After completing his studies in Russia, he traveled around Europe, continuing his education in Berlin.

The peak of Ivan Turgenev’s creativity began in 1847 when the first chapters of “A Sportsman’s Sketches” were published in “Sovremennik.”

In 1863, the writer went to Germany, where he met Western European writers, promoted Russian literature, engaged in translations, and worked as an editor.

In 1882, the writer started to suffer from serious illness.
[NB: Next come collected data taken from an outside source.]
Lemma mulEH_b2 (X Y : EH k) : b2 (bmul (cEH k) X Y) =
  - (b3 X * a1 Y) + b1 X * a3 Y + (b2 X * a0 Y + b0 X * a2 Y)
  + (- (a3 X * b1 Y) + a1 X * b3 Y + (a2 X * b0 Y + a0 X * b2 Y)).
Proof. mulEH_coord. Qed.

Lemma mulEH_b3 (X Y : EH k) : b3 (bmul (cEH k) X Y) =
  b3 X * a0 Y + b1 X * a2 Y + (- (b2 X * a1 Y) + b0 X * a3 Y)
  + (a3 X * b0 Y + a1 X * b2 Y + (- (a2 X * b1 Y) + a0 X * b3 Y)).
Proof. mulEH_coord. Qed.

Ltac mulEH_expand :=
  rewrite ?(mulEH_a0, mulEH_a1, mulEH_a2, mulEH_a3,
            mulEH_b0, mulEH_b1, mulEH_b2, mulEH_b3).

Ltac cocycle_at H r s :=
  move: (H (r, s)); rewrite d2EH_mul; mulEH_expand;
  rewrite ![slice _ _ _]ffunE !d0EH_coord d1EH_coord sum_Hb
    /DeltaEB /DeltaB /tens /gH /hH /oneH /bv !ffunE /=; simpl_coef.

Lemma cocycle_equations (X : EH k) :
  bmul (cEHH k) (d2EH X) (d0EH X) = d1EH X ->
  [/\ [/\ a0 X * a0 X = a0 X, a0 X * a1 X = 0, a0 X * a3 X = 0,
          a1 X * a1 X = a1 X & a1 X * a2 X = 0],
      [/\ a2 X * a0 X + a0 X * b0 X = 0, a2 X * a1 X + a0 X * b1 X = a2 X,
          a2 X * a2 X + a0 X * b2 X = 0 & a2 X * a3 X + a0 X * b3 X = 0] &
      [/\ a3 X * a0 X + a1 X * b0 X = a3 X, a3 X * a1 X + a1 X * b1 X = 0,
          a3 X * a2 X + a1 X * b2 X = 0 & a3 X * a3 X + a1 X * b3 X = 0]].
Proof.
move/ffunP=> H; split; [split | split | split].
- by cocycle_at H (false, (false, false)) (false, false).
- by cocycle_at H (false, (false, false)) (true, false).
- by cocycle_at H (false, (false, false)) (true, true).
- by cocycle_at H (false, (true, false)) (true, false).
- by cocycle_at H (false, (true, false)) (false, true).
- by cocycle_at H (false, (false, true)) (false, false).
- by cocycle_at H (false, (false, true)) (true, false).
- by cocycle_at H (false, (false, true)) (false, true).
- by cocycle_at H (false, (false, true)) (true, true).
- by cocycle_at H (false, (true, true)) (false, false).
- by cocycle_at H (false, (true, true)) (true, false).
- by cocycle_at H (false, (true, true)) (false, true).
- by cocycle_at H (false, (true, true)) (true, true).
Qed.

(* A unit of E_2 (x) H_4 maps to a unit of k[g]: a0 and a1 do not both vanish. *)
Lemma unitEH_nonzero (X : EH k) : bunit (cEH k) (oneEH k) X -> a0 X = 0 -> a1 X != 0.
Proof.
move=> [Y [/ffunP/(_ (false, (false, false))) XY _]] a0E; apply/eqP=> a1E.
move: XY; rewrite mulEH_a0 a0E a1E !mul0r addr0 !ffunE /= mulr1.
by move/eqP; rewrite eq_sym oner_eq0.
Qed.

Definition one_plus_h (t : k) : E2 k := [ffun j : Eb => if j then t else 1].

Lemma one_plus_h_inverse (t : k) :
  bmul (cE k) (one_plus_h t) (one_plus_h (- t)) = oneE k /\
  bmul (cE k) (one_plus_h (- t)) (one_plus_h t) = oneE k.
Proof.
by split; apply/ffunP=> -[]; rewrite mulE_coord !ffunE /=; simpl_coef;
  rewrite ?subrr ?addNr.
Qed.

Lemma orbit_one_plus_h (X : EH k) (t : k) :
  orbit_rel1 X
    (bmul (cEH k) (bmul (cEH k) (d1E (one_plus_h (- t))) X) (d0E (one_plus_h t))).
Proof.
by have [? ?] := one_plus_h_inverse t; exists (one_plus_h t), (one_plus_h (- t)).
Qed.

Lemma d1E_mul_one_tens (x : E2 k) (p : Hb) :
  bmul (cEH k) (d1E x) (tens (oneE k) (bv k p)) = tens x (bv k p).
Proof. by rewrite bmul_tens mulH1l bmul_unitr //; exact: cE_unitr. Qed.

(* The twists of 1 (x) 1 and of 1 (x) g by the unit 1 + t h. *)
Definition twist_one (t : k) : EH k := [ffun p : Eb * Hb =>
  match p return k with
  | (false, (false, false)) => 1
  | (false, (false, true)) => t
  | (true, (true, false)) => t
  | (true, (false, false)) => - t
  | (true, (false, true)) => - t ^+ 2
  | _ => 0
  end].

Definition twist_g (t : k) : EH k := [ffun p : Eb * Hb =>
  match p return k with
  | (false, (true, false)) => 1
  | (false, (true, true)) => t
  | (true, (false, false)) => t
  | (true, (true, false)) => - t
  | (true, (true, true)) => - t ^+ 2
  | _ => 0
  end].

(* Both twists are computed from d1(1 - t h) (1 (x) u) = (1 - t h) (x) u. *)
Ltac twist_coord :=
  rewrite d1E_mul_one_tens; apply/ffunP=> -[[] [[] []]]; mulEH_expand;
  rewrite /d0E !DeltaE_coord /DeltaEB /tens /gH /hH /bv !ffunE /=; simpl_coef.

Lemma twist_oneE (t : k) :
  bmul (cEH k) (bmul (cEH k) (d1E (one_plus_h (- t))) (oneEH k)) (d0E (one_plus_h t)) =
  twist_one t.
Proof. by twist_coord. Qed.

Lemma twist_gE (t : k) :
  bmul (cEH k) (bmul (cEH k) (d1E (one_plus_h (- t))) (tens (oneE k) (gH k)))
    (d0E (one_plus_h t)) =
  twist_g t.
Proof. by twist_coord. Qed.

Lemma cocycle_a0_nonzero (X : EH k) :
  Z1cocycle X -> a0 X != 0 -> X = twist_one (a2 X).
Proof.
move=> [_ /cocycle_equations [[e00 e01 e03 _ _] [e20 e21 e22 e23] _]] a0nz.
have a0E : a0 X = 1 by apply: (mulfI a0nz); rewrite e00 mulr1.
move: e01 e03 e20 e21 e22 e23; rewrite a0E !mul1r !mulr1 => a1E a3E e20 e21 e22 e23.
move: e21 e23; rewrite a1E a3E !mulr0 !add0r => b1E b3E.
have b0E := addr0_eq e20; have b2E := addr0_eq e22.
by apply/ffunP=> -[[] [[] []]]; rewrite ffunE /= -?expr2.
Qed.

Lemma cocycle_a0_zero (X : EH k) :
  Z1cocycle X -> a0 X = 0 -> X = twist_g (a3 X).
Proof.
move=> [unitX /cocycle_equations [[_ _ _ e11 e12] _ [e30 e31 e32 e33]]] a0E.
have a1E : a1 X = 1.
  by apply: (mulfI (unitEH_nonzero X unitX a0E)); rewrite e11 mulr1.
move: e12 e30 e31 e32 e33; rewrite a1E a0E !mul1r !mulr1 mulr0 add0r.
move=> a2E b0E e31 e32 e33; move: e32; rewrite a2E mulr0 add0r => b2E.
have b1E := addr0_eq e31; have b3E := addr0_eq e33.
by apply/ffunP=> -[[] [[] []]]; rewrite ffunE /= -?expr2.
Qed.

Lemma orbit_one_no_g (x xi : E2 k) :
  a1 (bmul (cEH k) (bmul (cEH k) (d1E xi) (oneEH k)) (d0E x)) = 0.
Proof.
rewrite d1E_mul_one_tens mulEH_a1.
by rewrite /d0E !DeltaE_coord /DeltaEB /tens /gH /hH /bv !ffunE /=; simpl_coef.
Qed.

Lemma one_g_not_cohomologous :
  ~ orbit_rel1 (tens (oneE k) (oneH k)) (tens (oneE k) (gH k)).
Proof.
move=> [x [xi [_ [_ /ffunP/(_ (false, (true, false)))]]]].
by rewrite orbit_one_no_g !ffunE /= mulr1 => /eqP; rewrite oner_eq0.
Qed.

End SweedlerCohomology.

Theorem proposition1p6 (k : fieldType) :
  (forall x : E2 k, H0mem x <-> exists c : k, c != 0 /\ x = [ffun i => c * oneE k i]) /\
  Z1cocycle (tens (oneE k) (oneH k)) /\ Z1cocycle (tens (oneE k) (gH k)) /\
  ~ orbit_rel1 (tens (oneE k) (oneH k)) (tens (oneE k) (gH k)) /\
  (forall X : EH k, Z1cocycle X ->
     orbit_rel1 (tens (oneE k) (oneH k)) X \/ orbit_rel1 (tens (oneE k) (gH k)) X).
Proof.
have cocycle_one : Z1cocycle (tens (oneE k) (oneH k)).
  exact: (grouplike_cocycle k (false, false) erefl (mulH1l k (false, false))).
have cocycle_g : Z1cocycle (tens (oneE k) (gH k)).
  exact: (grouplike_cocycle k (true, false) erefl (g_involutive k)).
split; first exact: H0_scalars.
split; first exact: cocycle_one.
split; first exact: cocycle_g.
split; first exact: one_g_not_cohomologous.
move=> X cX; case: (eqVneq (X (false, (false, false))) 0) => [a0E | a0nz].
  by right; rewrite (cocycle_a0_zero k X cX a0E) -twist_gE; apply: orbit_one_plus_h.
by left; rewrite (cocycle_a0_nonzero k X cX a0nz) -twist_oneE; apply: orbit_one_plus_h.
Qed.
He passed away on August 22 (September 3), 1883, in a suburb of Paris. The writer was buried in St. Petersburg at the Volkov Cemetery.

  1. “Anna Karenina” by Leo Tolstoy. The work describes the tragic love story between the officer Vronsky and the married Anna Karenina.
Interesting facts about the work:
  • The prototype for Anna Karenina was Maria Alexandrovna Hartung, the eldest daughter of Alexander Pushkin. Tolstoy met her in Tula five years before writing the novel.
  • Tolstoy chose the Moscow railway station Obdorsk as the setting for Anna Karenina’s suicide. At that time, the Nizhny Novgorod Railway was one of the main industrial routes, often frequented by heavily loaded freight trains.
  • In the initial version, the main heroine was named Tatiana Sergeyevna Stavrovich. Tolstoy wanted to create a contrast to the heroine of Pushkin’s “Eugene Onegin.”